INTELLIGENZA EMOTIVA

Sai il significato di intelligenza emotiva? Vuoi conoscere un metodo efficace per combattere lo stress? Sei in grado di gestire le tue emozioni? Ma soprattutto, sei a comando di un team e non sai esattamente come gestire la tua squadra? Perfetto, adesso cercherò esaustivamente e meticolosamente di rispondere a tutte queste domande ed eventuali tuoi dubbi e incertezze.

Mi sembra doveroso, prima che tu intraprenda il viaggio alla scoperta della tua intelligenza emotiva, di parlarti brevemente della sua nascita.
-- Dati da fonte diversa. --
Lemma Sub_well_order : exists lt : Defs.Sub -> Defs.Sub -> Prop,
  well_founded lt /\ (forall a b, a <> b -> lt a b \/ lt b a).
Proof.
  destruct (wochoice.well_ordering_principle (Defs.Sub : eqType)) as [R woR].
  assert (least : forall P : Defs.Sub -> Prop, (exists x, P x) ->
            exists z, P z /\ (forall x, P x -> R z x = true) /\
              forall z', P z' -> (forall x, P x -> R z' x = true) -> z' = z).
  { intros P [x Px].
    destruct (woR (fun y => decide (P y))) as [z [[Pz lb] uniq]].
    - exists x. apply decide_spec, Px.
    - exists z. split; [apply decide_spec, Pz|split].
      + intros y Py. apply lb, decide_spec, Py.
      + intros z' Pz' lb'. symmetry. apply uniq. split; [apply decide_spec, Pz'|].
        intros y Py. apply lb', decide_spec, Py. }
  assert (refl : forall x, R x x = true).
  { intro x. destruct (least (eq x) (ex_intro _ x (Logic.eq_refl x))) as [z [<- [lb _]]].
    auto. }
  exists (fun a b => R b a = false). split.
  - intro x. apply NNPP. intro notacc.
    destruct (least (fun y => ~ Acc (fun a b => R b a = false) y) (ex_intro _ x notacc))
      as [z [notaccz [lb _]]].
    apply notaccz. constructor. intros y Rzy. apply NNPP. intro notaccy.
    specialize (lb y notaccy). congruence.
  - intros a b ne. apply NNPP. intro both.
    assert (Rba : R b a = true) by (destruct (R b a); tauto).
    assert (Rab : R a b = true) by (destruct (R a b); tauto).
    destruct (least (fun y => y = a \/ y = b) (ex_intro _ a (or_introl (Logic.eq_refl a))))
      as [z [_ [_ uniq]]].
    apply ne.
    rewrite (uniq a), (uniq b); [reflexivity|right; reflexivity| |left; reflexivity|];
      intros y [-> | ->]; auto.
Qed.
Inizialmente, l’intelligenza emotiva è stata sottovalutata da molti studiosi e letterati, i quali davano maggior rilievo e importanza esclusivamente “all’intelligenza tradizionale” che si basa sul ragionamento logico-razionale, negando ogni forma di emozione, per adempiere alla corretta funzione del problem solving”, ovvero l’onere e la capacità dell’individuo di risolvere problemi e quesiti complessi.
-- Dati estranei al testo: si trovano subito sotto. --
(** * Second moment of T_1 *)

Lemma first_joint_block_sq_le (R : realType) (z z' : nat -> nat) (bad : set nat) :
  (forall s, ~ bad s -> exists2 j, (0 < j <= s * s)%N & joint_block z z' j) ->
  (first_joint_block R z z' * first_joint_block R z z' <=
   \sum_(s <oo) ((s.+1 ^ 4)%:R * \1_bad s)%:E)%E.
Proof.
move=> good.
set u := fun s => ((s.+1 ^ 4)%:R * \1_bad s)%:E : \bar R.
have u0 s : (0 <= u s)%E by rewrite lee_fin mulr_ge0 ?indic_ge0.
have u_bad s : bad s -> u s = ((s.+1 ^ 4)%:R)%:E.
  by move=> bad_s; rewrite /u indicE mem_set // mulr1.
case: first_joint_blockP => [none | m jm m_min].
  have all_bad s : bad s by apply: contrapT => /good[j _ /none].
  suff -> : (\sum_(s <oo) u s = +oo)%E by rewrite mulyy.
  apply/eqyP => a _; apply: le_trans (nneseries_ge_term (Num.truncn a) u0).
  rewrite u_bad // lee_fin (le_trans (ltW (truncnS_gt a))) //.
  by rewrite ler_nat expnS leq_pmulr // expn_gt0.
have m0 : (0 < m)%N by case/and3P: jm.
(* with r least such that m <= r^2, the index r - 1 is bad and r^4 >= m^2 *)
have [r m_le r_min] := ex_minnP (ex_intro (fun r => m <= r * r)%N m (leq_pmulr m m0)).
have r0 : (0 < r)%N by case: r m_le {r_min} => //; lia.
have bad_r : bad r.-1.
  apply: contrapT => /good[j /andP[_ j_le] /m_min m_j].
  by have := r_min _ (leq_trans m_j j_le); lia.
apply: le_trans (nneseries_ge_term r.-1 u0).
rewrite u_bad // -EFinM lee_fin -natrM ler_nat prednK // (expnM r 2 2).
by rewrite leq_mul // expnS expn1.
Qed.

Section Integrals.
Variables (d : measure_display) (T : measurableType d) (R : realType).
Variable mu : {measure set T -> \bar R}.

Lemma ge0_le_integralT (f g : T -> \bar R) :
  (forall x, (0 <= f x)%E) -> (forall x, (f x <= g x)%E) ->
  (\int[mu]_x f x <= \int[mu]_x g x)%E.
Proof.
move=> f0 fg; have g0 x : (0 <= g x)%E by exact: le_trans (f0 x) (fg x).
rewrite !ge0_integralTE //; apply: le_ereal_sup => _ [h h_le <-].
by exists h => //= x; exact: le_trans (h_le x) (fg x).
Qed.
Solo recentemente, gli studi sull’intelligenza emotiva si sono intensificati, divenendo così materia di ricerca da parte di numerosi psicologi. I quali hanno attribuito ad essa il metodo indiscusso per ottenere una buona conoscenza di sé e delle proprie emozioni; per il raggiungimento dei tuoi obiettivi e del tuo benessere psico-fisico, aiutandoti a combattere lo stress. La nascita di questa disciplina è da attribuire a due psicologi: Peter Salovey e John D. Mayer. I quali, negli anni ’90, attraverso la scrittura e la pubblicazione dell’ articolo accademico ” emotional intelligence”, introdussero per primi il concetto di intelligenza emotiva come l’abilità di individuare , comprendere e controllare le proprie emozioni e quelle degli altri, per poterle modificare e governare, così da migliorare il tenore di vita; eccellente strumento per il raggiungimento dei successi personali e professionali.
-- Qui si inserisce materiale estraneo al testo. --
Section Model.
(* Declared without implicit arguments: q and its hypotheses take the channel
   index explicitly. *)
Unset Implicit Arguments.
Variables (M : nat) (X : 'I_M -> finType) (S : finType) (Z : 'I_M -> finType).
Variables (p : {dffun forall i : 'I_M, X i} -> S -> R) (q : forall k : 'I_M, X k -> Z k -> R).
Hypothesis p_nonneg : forall x s, 0 <= p x s.
Hypothesis q_nonneg : forall k x z, 0 <= q k x z.
Hypothesis q_sum1 : forall k x, rsum predT (fun z => q k x z) = 1.
Set Implicit Arguments.

Local Notation Om := (Omega X S Z).
Local Notation P := (joint p q).

Lemma joint_ge0 (w : Om) : 0 <= P w.
Proof. by apply: Rmult_le_pos => //; apply: prod_Rge0 => *; apply: q_nonneg. Qed.

Definition ZS (K : {set 'I_M}) (w : Om) := (Z_ K w, S_ w).
Definition XZS (I K : {set 'I_M}) (w : Om) := (X_ I w, ZS K w).

Lemma Z_eqE K (w w' : Om) : (Z_ K w' == Z_ K w) = [forall k, (k \in K) ==> (w'.2 k == w.2 k)].
Proof. exact: masked_eqE. Qed.

Lemma X_eqE K (w w' : Om) :
  (X_ K w' == X_ K w) = [forall k, (k \in K) ==> (w'.1.1 k == w.1.1 k)].
Proof. exact: masked_eqE. Qed.

Lemma Z_eq K (w w' : Om) : Z_ K w = Z_ K w' <-> (forall k, k \in K -> w.2 k = w'.2 k).
Proof.
split => [ww' k kK | agree].
  have : Z_ K w' == Z_ K w by rewrite ww' eqxx.
  by rewrite Z_eqE => /forallP/(_ k); rewrite kK => /eqP ->.
by apply/esym/eqP; rewrite Z_eqE; apply/forallP => k; apply/implyP => /agree ->.
Qed.

Lemma loglik_Zsplit I :
  loglik P (fun w => (Z_ I w, (Z_ (~: I) w, S_ w))) = loglik P (ZS setT).
Proof.
apply: loglik_ext => w w'; rewrite /ZS !xpair_eqE !Z_eqE andbA forall_splitC.
by congr (_ && _); apply: eq_forallb => k; rewrite inE.
Qed.

Lemma loglik_XZsplit I :
  loglik P (fun w => (X_ I w, Z_ I w, (Z_ (~: I) w, S_ w))) = loglik P (XZS I setT).
Proof.
apply: loglik_ext => w w'; rewrite /XZS /ZS !xpair_eqE !Z_eqE -!andbA.
congr (_ && _); rewrite andbA forall_splitC.
by congr (_ && _); apply: eq_forallb => k; rewrite inE.
Qed.

Definition chan_loglik i : R := \big[Rplus/0]_(w : Om) (P w * ln (q i (w.1.1 i) (w.2 i))).

Definition agree_on (I : {set 'I_M}) (w : Om) (xs : {dffun forall i : 'I_M, X i} * S) :=
  [forall i, (i \in I) ==> (xs.1 i == w.1.1 i)] && (xs.2 == w.1.2).

Lemma mass_XZS I K w : mass P (XZS I K) w =
  \big[Rplus/0]_(xs | agree_on I w xs) (p xs.1 xs.2 *
    \big[Rplus/0]_(z : {dffun forall i, Z i} | [forall k, (k \in K) ==> (z k == w.2 k)])
      \big[Rmult/1]_k q k (xs.1 k) (z k)).
Proof.
rewrite (eq_bigr _ (fun xs _ => big_distrr _ _ _)) pair_big_dep /mass /=.
apply: eq_bigl => -[[x s] z] /=.
rewrite /XZS /ZS !xpair_eqE X_eqE Z_eqE /agree_on /S_ /=.
by rewrite -andbA [X in _ && X]andbC andbA.
Qed.

Lemma mass_XZS_full I w : mass P (XZS I setT) w =
  \big[Rplus/0]_(xs | agree_on I w xs) (p xs.1 xs.2 * \big[Rmult/1]_k q k (xs.1 k) (w.2 k)).
Proof.
rewrite mass_XZS; apply: eq_bigr => xs _; congr (_ * _).
rewrite (big_pred1 w.2) // => z /=; apply/forallP/eqP => [agree | ->].
  by apply/ffunP => k; have := agree k; rewrite in_setT => /eqP.
by move=> k; rewrite eqxx implybT.
Qed.

(* Observing only Z_{I^c}: the channels into Z_I integrate out. *)
Lemma mass_XZS_compl I w : mass P (XZS I (~: I)) w =
  \big[Rplus/0]_(xs | agree_on I w xs)
    (p xs.1 xs.2 * \big[Rmult/1]_(k | k \notin I) q k (xs.1 k) (w.2 k)).
Proof.
rewrite mass_XZS; apply: eq_bigr => xs _; congr (_ * _).
rewrite -(sum_free_coords (g := fun k c => q k (xs.1 k) c)); last first.
  by move=> k; have := q_sum1 k (xs.1 k).
by apply: eq_bigl => z; apply: eq_forallb => k; rewrite inE.
Qed.

Lemma mass_channel_factor I w : mass P (XZS I setT) w =
  \big[Rmult/1]_(i in I) q i (w.1.1 i) (w.2 i) * mass P (XZS I (~: I)) w.
Proof.
rewrite mass_XZS_full mass_XZS_compl big_distrr; apply: eq_bigr => xs /andP [/forallP xI _].
rewrite (bigID (mem I)) /=.
have -> : \big[Rmult/1]_(k | k \in I) q k (xs.1 k) (w.2 k) =
    \big[Rmult/1]_(i in I) q i (w.1.1 i) (w.2 i).
  by apply: eq_bigr => k kI; have := xI k; rewrite kI => /eqP ->.
by rewrite -!Rmult_assoc (Rmult_comm (p xs.1 xs.2)).
Qed.

Lemma channel_pos (w : Om) : 0 < P w -> forall k, 0 < q k (w.1.1 k) (w.2 k).
Proof.
move=> Pw; apply: prod_Rgt0_factor => [k | ]; first exact: q_nonneg.
have prod0 : 0 <= \big[Rmult/1]_k q k (w.1.1 k) (w.2 k).
  by apply: prod_Rge0 => k _; apply: q_nonneg.
case: (Req_dec (\big[Rmult/1]_k q k (w.1.1 k) (w.2 k)) 0) => [prod_eq0 | ?]; last lra.
by move: Pw; rewrite /joint prod_eq0 Rmult_0_r; lra.
Qed.

Lemma loglik_channel I :
  loglik P (XZS I setT) = \big[Rplus/0]_(i in I) chan_loglik i + loglik P (XZS I (~: I)).
Proof.
rewrite /chan_loglik exchange_big /= /loglik -big_split /=; apply: eq_bigr => w _.
case: (Req_dec (P w) 0) => [-> | Pw].
  by rewrite big1 ?Rmult_0_l ?Rplus_0_l // => i _; rewrite Rmult_0_l.
have {}Pw : 0 < P w by have := joint_ge0 w; lra.
have massI : 0 < mass P (XZS I (~: I)) w.
  by have := mass_ge joint_ge0 (XZS I (~: I)) w; lra.
have prodI : 0 < \big[Rmult/1]_(i in I) q i (w.1.1 i) (w.2 i).
  apply: (big_ind (fun x => 0 < x)) => [| * | i _]; first lra.
    exact: Rmult_lt_0_compat.
  exact: channel_pos.
rewrite mass_channel_factor ln_mult // ln_prod => [|i _]; last exact: channel_pos.
by rewrite Rmult_plus_distr_l big_distrr.
Qed.

Definition rate (I : {set 'I_M}) : R :=
  \big[Rplus/0]_(i in I) chan_loglik i + loglik P (ZS (~: I)) - loglik P (ZS setT).

Lemma cmi_rate I : cmi P (X_ I) (Z_ I) (fun w => (Z_ (~: I) w, S_ w)) = rate I.
Proof.
rewrite /cmi !entropy_loglik loglik_Zsplit loglik_XZsplit loglik_channel /rate.
have -> : loglik P (fun w => (X_ I w, (Z_ (~: I) w, S_ w))) = loglik P (XZS I (~: I)) by [].
have -> : loglik P (fun w => (Z_ (~: I) w, S_ w)) = loglik P (ZS (~: I)) by [].
ring.
Qed.

Lemma rate0 : rate set0 = 0.
Proof. by rewrite /rate big_set0 setC0; ring. Qed.

(* Supermodularity of the rate function: the channel part is modular and
   I |-> -H(Z_{I^c}, S) is supermodular by submodularity of entropy. *)
Lemma rate_supermod A B : rate A + rate B <= rate (A :|: B) + rate (A :&: B).
Proof.
have chan_mod := weight_modular chan_loglik A B; rewrite /weight in chan_mod.
suff : loglik P (ZS (~: A)) + loglik P (ZS (~: B)) <=
    loglik P (ZS (~: A :&: ~: B)) + loglik P (ZS (~: A :|: ~: B)).
  by rewrite /rate setCU setCI; lra.
apply: (loglik_submod joint_ge0).
- move=> a b [/Z_eq ab Sab]; rewrite /ZS Sab; congr pair.
  by apply/Z_eq => k; rewrite inE => /andP [kA _]; apply: ab.
- move=> a b [/Z_eq ab Sab]; rewrite /ZS Sab; congr pair.
  by apply/Z_eq => k; rewrite inE => /andP [_ kB]; apply: ab.
- move=> a b [/Z_eq abA Sab] [/Z_eq abB _]; rewrite /ZS Sab; congr pair.
  by apply/Z_eq => k; rewrite inE => /orP [kA | kB]; [apply: abA | apply: abB].
Qed.

End Model.

Lemma length_size (T : Type) (s : seq T) : length s = size s.
Proof. by elim: s => //= a s ->. Qed.

Lemma in_In (T : eqType) (x : T) (s : seq T) : x \in s -> List.In x s.
Proof.
elim: s => //= a s IH; rewrite in_cons => /orP [/eqP -> | xs]; [by left | by right; apply: IH].
Qed.

Lemma extreme_point_ext (M : nat) (C1 C2 : ('I_M -> R) -> Prop) r :
  (forall r, C1 r <-> C2 r) -> extreme_point C1 r -> extreme_point C2 r.
Proof.
move=> C12 [C1r ext]; split; first exact/C12.
by move=> a b t C2a C2b; apply: ext; apply/C12.
Qed.

Theorem lemma3 (M : nat) (X : 'I_M -> finType) (S : finType) (Z : 'I_M -> finType)
  (p : {dffun forall i : 'I_M, X i} -> S -> R)
  (q : forall k : 'I_M, X k -> Z k -> R)
  (p_nonneg : forall x s, (0 <= p x s))
  (p_sum1 : rsum predT (fun xs : {dffun forall i : 'I_M, X i} * S => p xs.1 xs.2) = 1)
  (q_nonneg : forall k x z, (0 <= q k x z))
  (q_sum1 : forall k x, rsum predT (fun z => q k x z) = 1)
  (nondeg : nondegenerate (joint p q)) :
  exists l : list ('I_M -> R),
    (length l <= M`!)%coq_nat /\
    forall r, extreme_point (Bstar (joint p q)) r ->
      exists r', List.In r' l /\ forall i, r i = r' i.
Proof.
pose f := rate p q.
have Bstar_poly r : Bstar (joint p q) r <-> polyhedron f r.
  by split => B I I0; have := B I I0; rewrite /f cmi_rate.
exists (List.map (greedy f) (enum {perm 'I_M})); split.
  by rewrite List.length_map length_size -cardE card_Sn.
move=> r /(extreme_point_ext Bstar_poly) r_ext.
have f_supermod := rate_supermod p_nonneg q_nonneg.
have [s r_greedy] := extreme_point_greedy (rate0 p q) f_supermod r_ext.1 r_ext.
exists (greedy f s); split => //.
by apply/List.in_map/in_In; rewrite mem_enum.
Qed.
L’INTELLIGENZA EMOTIVA SECONDO GOLEMAN

Questo concetto poi venne ripreso dallo psicologo, scrittore e giornalista statunitense Daniel Goleman. Egli sosteneva che “Le persone competenti sul piano emozionale – quelle che sanno controllare i propri sentimenti, leggere quelli degli altri e trattarli efficacemente – si trovano avvantaggiate in tutti i campi della vita, sia nelle relazioni intime che nel cogliere le regole implicite che portano al successo politico“. Egli sottolineò come i comportamenti umani non siano scaturiti dagli eventi ma dal modo in cui noi stessi percepiamo questi eventi.

Dai il giusto valore alla tua intelligenza emotiva

Esistono due tipologie di intelligenza emotiva:

La prima è l’intelligenza individuale: devi avere una buona consapevolezza di te stesso, aumentare la tua autostima e avere fiducia nelle tue qualità e abilità per riuscire a gestire e governare sapientemente le tue emozioni. In modo tale che quest’ultime non ostacolino il tuo benessere psicofisico ma che siano i tuoi alleati per raggiungerlo. La seconda è l’intelligenza sociale: si attua utilizzando l’empatia e le relazioni sociali. Devi saper gestire in modo efficace i rapporti con gli altri, attraverso l’intelligenza emotiva, per poter ottenere un vantaggio.

Il cuore è il carburante del tuo cervello

COME CREARE RELAZIONI POSITIVE INTERPERSONALI E INTRAPERSONALI?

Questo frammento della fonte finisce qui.